Gordon Ryder (1919–2000) OBE was a modernist architect and co-founder with Peter Yates of Ryder and Yates, known for designing a number of modernist buildings in the north-east of England in the 1960s. Ryder studied architecture at Newcastle University School of Architecture, Planning & Landscape (then King's College, Durham) then in 1948 began working for Berthold Lubetkin on the designs for Peterlee new town.

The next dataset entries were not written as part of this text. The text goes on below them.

(* Let $n \ge 1$, let $F \in \mathbb{C}^{n \times n}$ be a unitary matrix with $|F_{ij}|^2 \leq \frac{c}{n}$ for all $i,j$ (for some constant $c>0$), let $I \in \mathbb{C}^{n\times n}$ be the identity matrix, and let $A = [F \enspace I] \in \mathbb{C}^{n \times 2n}$. Let $y = F\hat{x} + e$, where $\hat{x}, e \in \mathbb{C}^n$ and $e$ is $t$-sparse. Let $1 \leq k \leq n$ be an integer, let $T$ be a positive integer, and let $x^{[T+1]} = \mathrm{IHT}(y,A,k,t,T)$ be the output of the $(k,t)$-Iterative Hard Thresholding algorithm described in the context. Write $x^{[T+1]} = [\hat{x}^{[T+1]} \enspace e^{[T+1]}]^T$ with $\hat{x}^{[T+1]}, e^{[T+1]} \in \mathbb{C}^n$. (a) Define $\rho := \sqrt{27}\sqrt{\frac{ckt}{n}}$ and $\tau$ by $\tau(1-\rho) := \sqrt{3}\sqrt{1 + 2\sqrt{\frac{ckt}{n}}}$. If $0<\rho<1$, then $$\| \hat{x}^{[T+1]} - \hat{x}_{h(k)} \|_2 \leq \rho^{T+1} \sqrt{ \| \hat{x}_{h(k)} \|_2^2 + \|e\|_2^2 } + \tau\| \hat{x}_{t(k)} \|_2 .$$ Moreover, for any $0<\epsilon<1$ and any $T \geq \frac{\log(1/\epsilon) + \log\left(\sqrt{ \| \hat{x}_{h(k)} \|_2^2 + \|e\|_2^2 }\right)}{\log(1/\rho)}$, we have $\| \hat{x}^{[T+1]} - \hat{x}_{h(k)} \|_2 \leq \tau\| \hat{x}_{t(k)} \|_2 + \epsilon$. (b) Define instead $\rho := 2\sqrt{2}\sqrt{\frac{ckt}{n}}$ and $\tau$ by $\tau(1-\rho) := 2$. If $0<\rho<1$, then $$\| \hat{x}^{[T+1]} - \hat{x}_{h(k)} \|_2 \leq \rho^{T+1}\| \hat{x}_{h(k)}\|_2 + \tau\left(\|\hat{x}_{t(k)}\|_2 + \|e\|_2\right).$$ Moreover, for any $0<\epsilon<1$ and any $T \geq \frac{\log(1/\epsilon) + \log(\| \hat{x}_{h(k)}\|_2)}{\log(1/\rho)}$, we have $\| \hat{x}^{[T+1]} - \hat{x}_{h(k)} \|_2 \leq \tau\left(\|\hat{x}_{t(k)}\|_2 + \|e\|_2\right) + \epsilon$.
   Context: A vector is $k$-sparse if it has at most $k$ nonzero entries. For $x \in \mathbb{C}^n$, $x_{h(k)}$ denotes a $k$-sparse vector in $\mathbb{C}^n$ consisting of $k$ largest (in absolute value) entries of $x$ with all other entries set to zero (ties broken by a fixed predefined rule), and $x_{t(k)} := x - x_{h(k)}$. For $x = [x_1 \enspace x_2]^T \in \mathbb{C}^{2n}$ with $x_1,x_2\in\mathbb{C}^n$, $x_{h(k,t)} := [ (x_1)_{h(k)} \enspace (x_2)_{h(t)} ]^T$. The $(k,t)$-Iterative Hard Thresholding algorithm $\mathrm{IHT}(y,A,k,t,T)$, for $y\in\mathbb{C}^n$, $A \in \mathbb{C}^{n\times 2n}$ and positive integers $k,t,T$: set $x^{[0]} = 0 \in \mathbb{C}^{2n}$; for $i = 0,1,\dots,T$ set $z^{[i+1]} = x^{[i]} + A^*(y - Ax^{[i]})$ and $x^{[i+1]} = (z^{[i+1]})_{h(k,t)}$; return $x^{[T+1]}$. Here $A^*$ is the conjugate transpose. *)

From HB Require Import structures.
From mathcomp Require Import all_boot all_order all_algebra.
From mathcomp Require Import complex.
From mathcomp Require Import all_classical all_reals exp.
Set Implicit Arguments. Unset Strict Implicit. Unset Printing Implicit Defensive.
Import Order.TTheory GRing.Theory Num.Theory.
Local Open Scope ring_scope.

Section Defs.
Variable R : realType.
Local Notation C := R[i].

Definition cabs (z : C) : R := Normc.normc z.

Definition norm2 n (v : 'cV[C]_n) : R := Num.sqrt (\sum_(i < n) cabs (v i ord0) ^+ 2).

Definition adj m n (A : 'M[C]_(m, n)) : 'M[C]_(n, m) := \matrix_(i, j) conjc (A j i).

Definition unitary n (F : 'M[C]_n) : Prop :=
  adj F *m F = 1%:M /\ F *m adj F = 1%:M.

Definition sparse n (k : nat) (v : 'cV[C]_n) : Prop := (#|[set i | v i ord0 != 0%R]| <= k)%N.

(* Hard thresholding x_{h(k)}: keep the k largest entries in absolute value,
   ties broken by the fixed rule "smaller index first": entry i is kept iff
   fewer than k indices j precede it, where j precedes i when
   |x_j| > |x_i|, or |x_j| = |x_i| and j < i. *)
Definition precedes n (v : 'cV[C]_n) (j i : 'I_n) : bool :=
  (cabs (v i ord0) < cabs (v j ord0)) || ((cabs (v j ord0) == cabs (v i ord0)) && (j < i)%N).

Definition hthr n (k : nat) (v : 'cV[C]_n) : 'cV[C]_n :=
  \col_i (if (#|[set j | precedes v j i]| < k)%N then v i ord0 else 0%R).

Definition tthr n (k : nat) (v : 'cV[C]_n) : 'cV[C]_n := v - hthr k v.

Definition hthr2 n (k t : nat) (x : 'cV[C]_(n + n)) : 'cV[C]_(n + n) :=
  col_mx (hthr k (usubmx x)) (hthr t (dsubmx x)).

Definition iht_step n (y : 'cV[C]_n) (A : 'M[C]_(n, n + n)) (k t : nat)
  (x : 'cV[C]_(n + n)) : 'cV[C]_(n + n) :=
  hthr2 k t (x + adj A *m (y - A *m x)).

(* IHT(y,A,k,t,T): x^[0] = 0, iterations i = 0..T, returns x^[T+1] *)
Definition IHT n (y : 'cV[C]_n) (A : 'M[C]_(n, n + n)) (k t T : nat) : 'cV[C]_(n + n) :=
  iter T.+1 (iht_step y A k t) 0.

End Defs.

In 1953, he formed Ryder and Yates with Peter Yates, who had also worked with Lubetkin at Peterlee, one of the first multi-disciplinary practices that integrated architecture and engineering. Key projects were two buildings for Northern Gas in Killingworth; the Northern Gas Board offices built in 1963 and subsequently the Gas Council Engineering Research Station (1966-7), "a cool Corbusian building of white concrete",[1] which won the Financial Times' industrial architecture award in 1968, and a Royal Institute of British Architects award the following year.[2] Both are now Grade II listed. Otherp projects included social housing at North Kenton and major buildings for the Salvation Army, Tyne Tees Television and Vickers Armaments.
'Trees', a private house built in Woolsington, Newcastle upon Tyne in 1967–68, was listed Grade II in 2010.[3] In 2015, MEA House and Ryder & Yates' own offices in Killingworth were listed Grade II, with the architects offices subsequently being removed from the register after a change of heart by the government minister in 2016.[4]